Lemma walk_stage_mono i j : i <= j -> j < size indexed_walk -> (iwalk i).1 <= (iwalk j).1.
Proof.
elim: j => [|j IHj]; first by rewrite leqn0 => /eqP->.
rewrite leq_eqVlt => /predU1P[-> //|le_ij] lt_j; apply: leq_trans (IHj le_ij (ltnW lt_j)) _.
by case/orP: (indexed_walk_step lt_j) => [/andP[/eqP-> _]|/and4P[/eqP-> _ _ _]].
Qed.

Lemma walk_incoming_stage i v : i < size indexed_walk -> incoming walk i v ->
  (iwalk i).1 = rank v /\ (0 < i -> (iwalk i.-1).1.+1 = (iwalk i).1).
Proof.
case: i => [|i] lt_i; rewrite /incoming nth_walk //=.
  by rewrite inE => /eqP->; rewrite vtxK ?n_gt0.
rewrite nth_walk ?(ltnW lt_i) // => /andP[v_i v_i'].
case/orP: (indexed_walk_step lt_i) => [/andP[_ /exists_inP[u _ /eqP eq_i]]|].
  by move: v_i; rewrite eq_i !inE (negbTE v_i') andbF.
case/and4P=> /eqP stage_i lt_stage _ /eqP eq_i; split=> [|_]; last by rewrite stage_i.
by move: v_i; rewrite eq_i in_setU1 (negbTE v_i') orbF => /eqP->; rewrite vtxK.
Qed.

Lemma walk_has_stage j : j < n -> exists2 i, i < size walk & nth set0 walk i = stage j.
Proof.
move=> lt_j; have iw_j : (j, stage j) \in indexed_walk.
  by apply: stage_in_segments; rewrite add0n leq0n -ltnS prednK ?n_gt0.
exists (index (j, stage j) indexed_walk); first by rewrite size_walk index_mem.
by rewrite nth_walk ?index_mem // nth_index.
Qed.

### Exercise instructions
Could you restate, word for word, the lines above from the one with "Lemma walk_incoming_stage i" to the one with "exists (index (j, stage", both included?

### Answer box
Lemma walk_incoming_stage i v : i < size indexed_walk -> incoming walk i v ->
  (iwalk i).1 = rank v /\ (0 < i -> (iwalk i.-1).1.+1 = (iwalk i).1).
Proof.
case: i => [|i] lt_i; rewrite /incoming nth_walk //=.
  by rewrite inE => /eqP->; rewrite vtxK ?n_gt0.
rewrite nth_walk ?(ltnW lt_i) // => /andP[v_i v_i'].
case/orP: (indexed_walk_step lt_i) => [/andP[_ /exists_inP[u _ /eqP eq_i]]|].
  by move: v_i; rewrite eq_i !inE (negbTE v_i') andbF.
case/and4P=> /eqP stage_i lt_stage _ /eqP eq_i; split=> [|_]; last by rewrite stage_i.
by move: v_i; rewrite eq_i in_setU1 (negbTE v_i') orbF => /eqP->; rewrite vtxK.
Qed.

Lemma walk_has_stage j : j < n -> exists2 i, i < size walk & nth set0 walk i = stage j.
Proof.
move=> lt_j; have iw_j : (j, stage j) \in indexed_walk.
  by apply: stage_in_segments; rewrite add0n leq0n -ltnS prednK ?n_gt0.
exists (index (j, stage j) indexed_walk); first by rewrite size_walk index_mem.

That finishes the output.